Partially because that's what AutoFixture's maintainer seems to have done
recently. Mostly because FsCheck adds a number of additional features such as
automatically reducing failing test cases down to the the simplest failing
example it can find that make it very powerful for more complex cases.

One downside, though, is that the C# interfaces are somewhat neglected. It's
really a lot nicer to use from F#.

[https://fsharp.github.io/FsCheck/](https://fsharp.github.io/FsCheck/)

------
chton
In addition to the great ones already listed on the link and in the comments
here, I'd like to list 2 of my favorites:

* Simple.Data: [https://github.com/markrendle/Simple.Data](https://github.com/markrendle/Simple.Data) , the smallest and simplest ORM you'll ever use.

* Hyperletter: [https://github.com/Jiddler/Hyperletter](https://github.com/Jiddler/Hyperletter) , a very easy way to do inter-process communication. Great for writing distributed software over http, but can be just as useful locally.

------
manigandham
Check out Akka.Net - [http://getakka.net/](http://getakka.net/)

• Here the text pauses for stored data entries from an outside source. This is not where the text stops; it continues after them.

(* For any sets $A_1,A_2\subset\mathbb R^n$ whose Euclidean distance $d:=\inf\{|x-z|:x\in A_1,z\in A_2\}$ is positive, $$c_\alpha(A_1)+c_\alpha(A_2)\le c_\alpha(A_1\cup A_2)\left[1+\frac{\max\{c_\alpha(A_1),c_\alpha(A_2)\}}{d^{\,n-\alpha}}\right].$$
   Context: Standing assumptions: $n\ge3$, $\alpha\in(0,2]$, and $\kappa_\alpha(x,y)=|x-y|^{\alpha-n}$ is the Riesz kernel on $\mathbb R^n$. The energy of a positive Radon measure $\mu$ is $\|\mu\|_\alpha^2=\iint\kappa_\alpha\,d\mu\,d\mu$; $\mathcal E^+_\alpha(A)$ is the set of positive measures of finite energy concentrated on $A$. The inner capacity of $A\subset\mathbb R^n$ is defined by $1/c_\alpha(A)=\inf\{\|\mu\|_\alpha^2:\ \mu\in\mathcal E^+_\alpha(A),\ \mu(\mathbb R^n)=1\}$ (with values in $[0,\infty]$). *)

From HB Require Import structures.
From mathcomp Require Import all_boot all_order all_algebra.
From mathcomp Require Import all_classical all_reals all_analysis.
Set Implicit Arguments. Unset Strict Implicit. Unset Printing Implicit Defensive.
Import Order.TTheory GRing.Theory Num.Theory.
Import numFieldNormedType.Exports.
Local Open Scope classical_set_scope.
Local Open Scope ring_scope.

(* R^n is modelled as row vectors 'rV[R]_n; [Rn R n] is the same carrier
   equipped with the Borel sigma-algebra (generated by the open sets of the
   usual topology of 'rV[R]_n, which coincides with the Euclidean one). *)
Definition Rn (R : realType) (n : nat) := g_sigma_algebraType (@open 'rV[R]_n).

Definition edist (R : realType) (n : nat) (x y : 'rV[R]_n) : R :=
  Num.sqrt (\sum_(i < n) (x ord0 i - y ord0 i) ^+ 2).

Definition riesz_kernel (R : realType) (n : nat) (alpha : R)
  (x y : 'rV[R]_n) : \bar R :=
  if x == y then +oo%E else ((edist x y) `^ (alpha - n%:R))%:E.

Definition energy (R : realType) (n : nat) (alpha : R)
  (mu : {measure set (Rn R n) -> \bar R}) : \bar R :=
  (\int[mu]_x \int[mu]_y riesz_kernel alpha x y)%E.

(* Positive Radon measures of finite energy, concentrated on A, of unit mass. *)
Definition admissible (R : realType) (n : nat) (alpha : R) (A : set 'rV[R]_n)
  (mu : {measure set (Rn R n) -> \bar R}) : Prop :=
  [/\ (forall K : set 'rV[R]_n, compact K -> (mu K < +oo)%E),
      (energy alpha mu < +oo)%E,
      mu.-negligible (~` A : set (Rn R n)) &
      mu setT = 1%E].

Definition capacity (R : realType) (n : nat) (alpha : R) (A : set 'rV[R]_n)
  : \bar R :=
  ((ereal_inf [set energy alpha mu | mu in admissible alpha A])^-1)%E.

Definition set_dist (R : realType) (n : nat) (A1 A2 : set 'rV[R]_n) : \bar R :=
  ereal_inf [set (edist x z)%:E | x in A1 & z in A2].

From Pilot Require Import Defs.
From HB Require Import structures.
From mathcomp Require Import all_boot all_order all_algebra.
From mathcomp Require Import all_classical all_reals all_analysis.
From mathcomp Require Import measurable_realfun ring lra.
Set Implicit Arguments. Unset Strict Implicit. Unset Printing Implicit Defensive.
Import Order.TTheory GRing.Theory Num.Theory.
Import numFieldNormedType.Exports.
Local Open Scope classical_set_scope.
Local Open Scope ring_scope.

(* Let W(A) be the minimal energy of A, the infimum of the energies of the
   admissible measures for A, so that c(A) = 1 / W(A); let d be the distance of
   A1 and A2 and D = d^(alpha - n), which bounds the Riesz kernel between points
   of A1 and of A2 since n - alpha > 0.  Given admissible measures mu1 for A1
   and mu2 for A2 with energies e1, e2, the mixture t mu1 + s mu2 with
   t = e2 / (e1 + e2) and s = e1 / (e1 + e2) is admissible for A1 `|` A2 and has
   energy at most t^2 e1 + 2 t s D + s^2 e2.  Writing u = 1/e1 and v = 1/e2 this
   reads W(A1 `|` A2) (u + v)^2 <= (u + v) + 2 u v D, and since 2 u v <= (u + v) M
   for M = max(c(A1), c(A2)) we get u + v <= c(A1 `|` A2) (1 + M D).  Taking the
   infimum over mu1 and mu2 gives the theorem. *)

Section kernel_measurability.
Variables (R : realType) (n : nat).
Local Notation T := (Rn R n).

Lemma coord_measurable (i : 'I_n) :
  measurable_fun [set: T] (fun x : T => (x : 'rV[R]_n) ord0 i).
Proof.
apply: (measurability _ (RGenOpens.measurableE R)).
move=> _ [_ [a [b ->] <-]]; rewrite setTI; apply: sub_sigma_algebra.
by apply: (continuousP _).1 (@coord_continuous R 1 n ord0 i) _ (interval_open _ _).
Qed.

Definition sqdist (x y : 'rV[R]_n) : R := \sum_(i < n) (x ord0 i - y ord0 i) ^+ 2.

Lemma sqdist_eq0 (x y : 'rV[R]_n) : (sqdist x y == 0) = (x == y).
Proof.
rewrite psumr_eq0; last by move=> i _; exact: sqr_ge0.
apply/idP/idP => [/allP H | /eqP ->]; last by apply/allP => j _; rewrite subrr expr0n eqxx.
by apply/eqP/rowP => j; apply/eqP; rewrite -subr_eq0 -sqrf_eq0; exact: H (mem_index_enum j).
Qed.

Lemma sqdist_measurable :
  measurable_fun [set: (T * T)%type] (fun z : (T * T)%type => sqdist z.1 z.2).
Proof.
apply: measurable_sum => i; apply: measurable_funX; apply: measurable_funB.
- exact: measurableT_comp (coord_measurable i) measurable_fst.
- exact: measurableT_comp (coord_measurable i) measurable_snd.
Qed.

Definition riesz_profile (alpha u : R) : \bar R :=
  if u == 0 then +oo%E else ((Num.sqrt u) `^ (alpha - n%:R))%:E.

Lemma riesz_kernelE alpha (x y : 'rV[R]_n) :
  riesz_kernel alpha x y = riesz_profile alpha (sqdist x y).
Proof. by rewrite /riesz_kernel /riesz_profile sqdist_eq0. Qed.

Lemma riesz_profile_measurable alpha : measurable_fun [set: R] (riesz_profile alpha).
Proof.
apply: measurable_fun_ifT.
- exact: measurable_fun_eqr (@measurable_id _ R setT) (measurable_cst (0 : R)).
- exact: measurable_cst.
- apply/measurable_EFinP; apply: measurableT_comp (measurable_powR _) _.
  exact: continuous_measurable_fun (@sqrt_continuous R).
Qed.

Lemma riesz_kernel_measurable alpha :
  measurable_fun [set: (T * T)%type] (fun z : (T * T)%type => riesz_kernel alpha z.1 z.2).
Proof.
rewrite (_ : (fun z => _) = riesz_profile alpha \o (fun z : (T * T)%type => sqdist z.1 z.2)).
  exact: measurableT_comp (riesz_profile_measurable alpha) sqdist_measurable.
by apply/funext => z; rewrite /= riesz_kernelE.
Qed.

End kernel_measurability.

Section partial_integral_measurability.
Context d1 d2 (T1 : measurableType d1) (T2 : measurableType d2) (R : realType).
Variable mu : {measure set T2 -> \bar R}.
Hypothesis mu_fin : fin_num_fun mu.

(* A copy of mu carrying its finite-measure structure, as Tonelli requires. *)
Definition finite_copy (A : set T2) := mu A.
HB.instance Definition _ := Measure.on finite_copy.
HB.instance Definition _ := @Measure_isFinite.Build _ T2 R finite_copy mu_fin.

Lemma measurable_partial_integral (f : (T1 * T2)%type -> \bar R) :
  measurable_fun setT f -> (forall z, 0 <= f z)%E ->
  measurable_fun setT (fun x => \int[mu]_y f (x, y))%E.
Proof. by move=> mf f0; exact: (measurable_fun_fubini_tonelli_F (m2 := finite_copy) f mf f0). Qed.

End partial_integral_measurability.

Section mixture.
Context d (T : measurableType d) (R : realType).
Implicit Types (t s : {nonneg R}) (mu : {measure set T -> \bar R}).
Local Open Scope ereal_scope.

Definition mix (t s : {nonneg R}) (mu1 mu2 : {measure set T -> \bar R})
  : {measure set T -> \bar R} := measure_add (mscale t mu1) (mscale s mu2).

Lemma mixE t s mu1 mu2 (A : set T) :
  mix t s mu1 mu2 A = t%:num%:E * mu1 A + s%:num%:E * mu2 A.
Proof. exact: measure_addE. Qed.

Lemma integral_mix t s mu1 mu2 (f : T -> \bar R) :
  measurable_fun setT f -> (forall x, 0 <= f x) ->
  \int[mix t s mu1 mu2]_x f x =
    t%:num%:E * \int[mu1]_x f x + s%:num%:E * \int[mu2]_x f x.
Proof.
by move=> mf f0; rewrite ge0_integral_measure_add // ?ge0_integral_mscale.
Qed.

Lemma ge0_integral_comb mu t s (f g : T -> \bar R) :
  measurable_fun setT f -> measurable_fun setT g ->
  (forall x, 0 <= f x) -> (forall x, 0 <= g x) ->
  \int[mu]_x (t%:num%:E * f x + s%:num%:E * g x) =
    t%:num%:E * \int[mu]_x f x + s%:num%:E * \int[mu]_x g x.
Proof.
move=> mf mg f0 g0; rewrite ge0_integralD //; first last.
- exact: measurable_funeM.
- by move=> x _; rewrite mule_ge0.
- exact: measurable_funeM.
- by move=> x _; rewrite mule_ge0.
by rewrite !ge0_integralZl.
Qed.

Lemma negligible_mix t s mu1 mu2 (A : set T) :
  mu1.-negligible A -> mu2.-negligible A -> (mix t s mu1 mu2).-negligible A.
Proof.
move=> [N1 [mN1 N10 AN1]] [N2 [mN2 N20 AN2]].
have mN : measurable (N1 `&` N2) by exact: measurableI.
exists (N1 `&` N2); split => //; last by move=> x Ax; split; [exact: AN1|exact: AN2].
rewrite mixE (subset_measure0 mN mN1 (@subIsetl _ _ _) N10).
by rewrite (subset_measure0 mN mN2 (@subIsetr _ _ _) N20) !mule0 adde0.
Qed.

Lemma unit_mass_finite (mu : {measure set T -> \bar R}) :
  mu setT = 1 -> fin_num_fun mu.
Proof.
move=> mu1 A mA; rewrite ge0_fin_numE ?measure_ge0 //.
have muT : mu setT < +oo by rewrite mu1 ltry.
by apply: le_lt_trans muT; rewrite le_measure ?inE.
Qed.

Lemma integral_le_bound (mu : {measure set T -> \bar R}) (A : set T)
  (f : T -> \bar R) (D : R) :
  (0 <= D)%R -> mu setT = 1 -> mu.-negligible (~` A) ->
  measurable_fun setT f -> (forall x, 0 <= f x) ->
  (forall x, A x -> f x <= D%:E) -> \int[mu]_x f x <= D%:E.
Proof.
move=> D0 mu1 [N [mN N0 AN]] mf f0 fD.
rewrite -[D%:E]mule1 -mu1 -integral_cst //.
apply: ae_ge0_le_integral => //.
exists N; split => // x /= nfD; apply: AN => Ax; apply: nfD => _; exact: fD.
Qed.

End mixture.

Section riesz_energy.
Variables (R : realType) (n : nat) (alpha : R).
Local Notation T := (Rn R n).
Local Notation kernel := (@riesz_kernel R n alpha).
Implicit Types (t s : {nonneg R}) (mu : {measure set T -> \bar R}).
Local Open Scope ereal_scope.

Lemma riesz_kernel_ge0 x y : 0 <= kernel x y.
Proof. by rewrite /riesz_kernel; case: ifP => // _; rewrite lee_fin powR_ge0. Qed.

Lemma riesz_kernel_measurable_section (x : T) : measurable_fun [set: T] (kernel x).
Proof. exact: measurable_fun_pair2 x (@riesz_kernel_measurable R n alpha). Qed.

(* The Riesz potential of mu; the energy of mu is the mu-integral of its potential,
   and \int[mu] potential nu is the mutual energy of mu and nu. *)
Definition potential mu (x : T) : \bar R := \int[mu]_y kernel x y.

Lemma potential_ge0 mu x : 0 <= potential mu x.
Proof. by apply: integral_ge0 => y _; exact: riesz_kernel_ge0. Qed.

Lemma potential_measurable mu : fin_num_fun mu -> measurable_fun [set: T] (potential mu).
Proof.
move=> mu_fin.
exact: (measurable_partial_integral (T1 := T) mu_fin
  (@riesz_kernel_measurable R n alpha) (fun z => riesz_kernel_ge0 z.1 z.2)).
Qed.

Lemma energy_ge0 mu : 0 <= energy alpha mu.
Proof. by apply: integral_ge0 => x _; exact: potential_ge0. Qed.

Lemma mutual_energy_le mu1 mu2 (A1 A2 : set T) (D : R) :
  (0 <= D)%R -> mu1 setT = 1 -> mu2 setT = 1 ->
  mu1.-negligible (~` A1) -> mu2.-negligible (~` A2) ->
  (forall x y, A1 x -> A2 y -> kernel x y <= D%:E) ->
  \int[mu1]_x potential mu2 x <= D%:E.
Proof.
move=> D0 mu1T mu2T A1full A2full kD.
apply: (integral_le_bound (A := A1)) => //.
- exact: potential_measurable (unit_mass_finite mu2T).
- exact: potential_ge0.
move=> x A1x; apply: (integral_le_bound (A := A2)) => //.
- exact: riesz_kernel_measurable_section.
- exact: riesz_kernel_ge0.
by move=> y A2y; exact: kD.
Qed.

Lemma potential_mix t s mu1 mu2 x :
  potential (mix t s mu1 mu2) x = t%:num%:E * potential mu1 x + s%:num%:E * potential mu2 x.
Proof.
exact: integral_mix (riesz_kernel_measurable_section x) (riesz_kernel_ge0 x).
Qed.

Lemma energy_mix_le mu1 mu2 t s (e1 e2 D : R) :
  mu1 setT = 1 -> mu2 setT = 1 ->
  energy alpha mu1 <= e1%:E -> energy alpha mu2 <= e2%:E ->
  \int[mu1]_x potential mu2 x <= D%:E -> \int[mu2]_x potential mu1 x <= D%:E ->
  energy alpha (mix t s mu1 mu2) <=
    (t%:num ^+ 2 * e1 + 2 * t%:num * s%:num * D + s%:num ^+ 2 * e2)%:E.
Proof.
move=> mu1T mu2T E1 E2 E12 E21.
have mp1 := potential_measurable (unit_mass_finite mu1T).
have mp2 := potential_measurable (unit_mass_finite mu2T).
have t0 : 0 <= t%:num%:E by rewrite lee_fin.
have s0 : 0 <= s%:num%:E by rewrite lee_fin.
have mp : measurable_fun setT
    (fun x => t%:num%:E * potential mu1 x + s%:num%:E * potential mu2 x).
  by apply: emeasurable_funD; exact: measurable_funeM.
have -> : energy alpha (mix t s mu1 mu2) = \int[mix t s mu1 mu2]_x
    (t%:num%:E * potential mu1 x + s%:num%:E * potential mu2 x).
  by apply: eq_integral => x _; exact: potential_mix.
rewrite integral_mix //; last by move=> x; rewrite adde_ge0 ?mule_ge0 ?potential_ge0.
rewrite !(ge0_integral_comb _ _ _ mp1 mp2 (@potential_ge0 mu1) (@potential_ge0 mu2)).
apply: (@le_trans _ _ (t%:num%:E * (t%:num%:E * e1%:E + s%:num%:E * D%:E) +
    s%:num%:E * (t%:num%:E * D%:E + s%:num%:E * e2%:E))).
  by apply: leeD; apply: lee_wpmul2l => //; apply: leeD; apply: lee_wpmul2l.
by rewrite -!EFinM -!EFinD lee_fin le_eqVlt; apply/predU1l; ring.
Qed.

End riesz_energy.

Section minimal_energy.
Variables (R : realType) (n : nat) (alpha : R).
Local Notation T := (Rn R n).
Local Notation kernel := (@riesz_kernel R n alpha).
Implicit Types (A B : set 'rV[R]_n) (t s : {nonneg R}) (mu : {measure set T -> \bar R}).
Local Open Scope ereal_scope.
Lemma poly_sh_of_truncations k g :
  (forall n, exists p, poly_sh k p /\ forall a, fs_le a n -> g a = p a) -> poly_sh k g.
Proof.
elim/(nat_ind_down (d := d)): k g => [k dk | k _ IHk] g gloc.
  apply: poly_sh_unit => a; have [p [pP pE]] := gloc (fs_max a).
  by rewrite pE ?fs_le_max //; exact: poly_sh_above dk pP.
apply: poly_sh_intro => [a | b].
  by have [p [pP pE]] := gloc (fs_max a); rewrite pE ?fs_le_max //; exact: poly_sh_val.
pose X i := ~~ fs_mem i b.
have capX_disj a : fs_disjoint (fs_capU X fs0 a) b by exact: fs_disjoint_capC.
exists (fun a => (g (fs_capU X fs0 a))^-1 ** g (fsU (fs_capU X fs0 a) b)); split.
  apply: (IHk k.+1 (ltnSn k)) => n.
  have [p [pP pE]] := gloc (maxn n (fs_max b)).
  have [D [DP DE]] := poly_sh_derivative pP b.
  exists (fun a => D (fs_capU X fs0 a)); split; first exact: poly_sh_capU.
  move=> a an; have bm : fs_le b (maxn n (fs_max b)).
    by apply: fs_le_trans (fs_le_max b); exact: leq_maxr.
  have am : fs_le (fs_capU X fs0 a) (maxn n (fs_max b)).
    by apply: fs_le_capU => //; apply: fs_le_trans an; exact: leq_maxl.
  by rewrite /= DE // !pE // fs_leU.
by move=> a ab; rewrite fs_capC_id.
Qed.

Lemma poly_sh_ordered_prod k u : (forall n, poly_sh k.+1 (u n)) -> poly_sh k (ordered_prod u).
Proof.
move=> uP; apply: poly_sh_of_truncations => n.
exists (gprod_down (fun n => fs_factor n (u n)) n); split.
  elim: n => [|n IHn] /=; first exact/poly_sh_const/Gs1.
  exact: poly_sh_mul (poly_sh_factor _ (uP _)) IHn.
move=> a an; rewrite /ordered_prod; symmetry.
by apply: gprod_down_factor_stable; [exact: fs_le_max | exact: fs_max_le].
Qed.

Lemma Gs_subgroup i : is_subgroup (Gs i).
Proof. by case: filtG => _ []. Qed.

Variable r : nat.

Definition tilde i := if i <= r then Gs r else Gs i.

Lemma tilde_sub i x : tilde i x -> Gs i x.
Proof. by rewrite /tilde; case: ifP => // ir; exact: Gs_mono. Qed.

Lemma tilde_above i x : d < i -> tilde i x -> x = e.
Proof.
move=> di; rewrite /tilde; case: ifP => [ir | _]; last exact: Gs_above.
exact: Gs_above (leq_trans di ir).
Qed.

Lemma poly_tilde_sh k g : poly_sh k g -> (forall a, Gs r (g a)) ->
  poly (fun i => tilde (k + i)) g.
Proof.
elim/(nat_ind_down (d := d)): k g => [k dk | k _ IHk] g gP gr.
  apply: poly_triv => [x | a]; last exact: poly_sh_above dk gP.
  rewrite addn0; split=> [/(tilde_above dk) // | ->].
  by rewrite /tilde; case: ifP => _; exact: Gs1.
apply: poly_step => [a | b].
  by rewrite addn0 /tilde; case: ifP => _; [exact: gr | exact: poly_sh_val].
have [D [DP DE]] := poly_sh_derivative gP b.
(* [D] is only pinned down on sets disjoint from [b]; restricting its argument
   away from [b] makes all of its values derivatives of [g], hence in [G_r]. *)
pose X i := ~~ fs_mem i b.
exists (fun a => D (fs_capU X fs0 a)); split.
  rewrite shift_succ; apply: (IHk k.+1 (ltnSn k)); first exact: poly_sh_capU.
  move=> a; rewrite DE; last exact: fs_disjoint_capC.
  by apply: Gs_mul; [apply: Gs_inv |]; exact: gr.
by move=> a ab; rewrite fs_capC_id //; exact: DE.
Qed.

Lemma poly_of_poly_tilde g : poly tilde g -> poly Gs g.
Proof. exact: poly_sh_of_poly 0 _ _ tilde_sub. Qed.

Lemma poly_tilde_val g a : poly tilde g -> Gs r (g a).
Proof. by move/(poly_val a); rewrite /tilde leq0n. Qed.

Variable Gam : G -> Prop.
Hypothesis Gam_subgroup : is_subgroup Gam.

Definition GrGam x := exists n y, Gs r n /\ Gam y /\ x = n ** y.

Lemma GrGam_mul x y : GrGam x -> GrGam y -> GrGam (x ** y).
Proof.
move=> [n1 [y1 [n1r [y1Gam ->]]]] [n2 [y2 [n2r [y2Gam ->]]]].
exists (n1 ** (y1^-1^-1 ** n2 ** y1^-1)), (y1 ** y2); split.
  by apply: Gs_mul => //; exact: Gs_conj.
by case: Gam_subgroup => _ [mulGam _]; split; [exact: mulGam | gnorm].
Qed.

Lemma GrGam_inv x : GrGam x -> GrGam x^-1.
Proof.
move=> [n [y [nr [yGam ->]]]]; exists (y^-1 ** n^-1 ** y), y^-1; split.
  by apply/Gs_conj/Gs_inv.
by case: Gam_subgroup => _ [_ invGam]; split; [exact: invGam | gnorm].
Qed.

Definition correctable k := forall f, poly_sh k f -> (forall a, GrGam (f a)) ->
  exists rho, poly_sh k rho /\ (forall a, Gam (rho a)) /\ forall a, Gs r (f a ** rho a).

Lemma correctable_ge k : r <= k -> correctable k.
Proof.
move=> rk f fP _; exists (fun _ => e); split; first exact/poly_sh_const/Gs1.
case: Gam_subgroup => Gam1 _; split=> // a.
by rewrite gmulg1; exact: Gs_mono rk (poly_sh_val _ fP).
Qed.

Lemma correctable_jump k f n : correctable k.+1 -> poly_sh k f -> (forall a, GrGam (f a)) ->
  exists rho, poly_sh k.+1 rho /\ (forall a, Gam (rho a)) /\
    forall a, fs_mem n a = false -> Gs r ((f a)^-1 ** f (fsU a (fs1 n)) ** rho a).
Proof.
move=> corrS fP fGG; have [D [DP DE]] := poly_sh_derivative fP (fs1 n).
pose X i := ~~ fs_mem i (fs1 n).
have DX a : D (fs_capU X fs0 a) =
    (f (fs_capU X fs0 a))^-1 ** f (fsU (fs_capU X fs0 a) (fs1 n)).
  by apply: DE; exact: fs_disjoint_capC.
have DXG a : GrGam (D (fs_capU X fs0 a)).
  by rewrite DX; apply: GrGam_mul; [apply: GrGam_inv |]; exact: fGG.
have [rho [rhoP [rhoGam rhoE]]] := corrS _ (poly_sh_capU X fs0 DP) DXG.
exists rho; split=> //; split=> // a na.
by have := rhoE a; rewrite DX fs_capC_id //; exact: fs_disjoint1.
Qed.

Lemma correctable_step k : k <= r -> correctable k.+1 -> correctable k.
Proof.
move=> kr corrS f fP fGG.
have [u uP] := functional_choice _ (fun n => correctable_jump n corrS fP fGG).
have [n0 [y0 [n0r [y0Gam f0E]]]] := fGG fs0.
have [_ [mulGam invGam]] := Gam_subgroup.
exists (fmul (ordered_prod u) (fun _ => y0^-1)); split; [|split].
- apply: poly_sh_mul; first by apply: poly_sh_ordered_prod => n; case: (uP n).
  apply: poly_sh_const; have -> : y0^-1 = (f fs0)^-1 ** n0 by rewrite f0E; gnorm.
  by apply: Gs_mul; [exact/Gs_inv/poly_sh_val | exact: Gs_mono kr n0r].
- move=> a; apply: mulGam (invGam _ y0Gam).
  by apply: ordered_prod_mem => // n b; case: (uP n) => _ [].
- move=> a; have -> : f a ** fmul (ordered_prod u) (fun _ => y0^-1) a =
      f a ** ordered_prod u a ** (f fs0)^-1 ** n0 by rewrite /fmul f0E; gnorm.
  apply: Gs_mul n0r; apply: ordered_prod_telescope (Gs_subgroup r) _ _ a.
    by move=> x y; exact: Gs_conj.
  by move=> n; case: (uP n) => _ [].
Qed.

Lemma correctable_all k : correctable k.
Proof.
elim/(nat_ind_down (d := r)): k => [k rk | k kr IHk]; first exact/correctable_ge/ltnW.
exact/(correctable_step kr)/IHk.
Qed.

This is a port of the Akka framework from Java to the .Net platform. It's an
actor model framework which works incredibly well for building highly
concurrent and distributed applications. They just hit version 1.0 and are out
of beta and are backed by a commercial company Petabridge.

Highly recommended.

------
zihotki
I used to use NLog for logging until I've discovered Serilog (
[http://serilog.net/](http://serilog.net/) ) - simple .NET logging with fully-
structured events.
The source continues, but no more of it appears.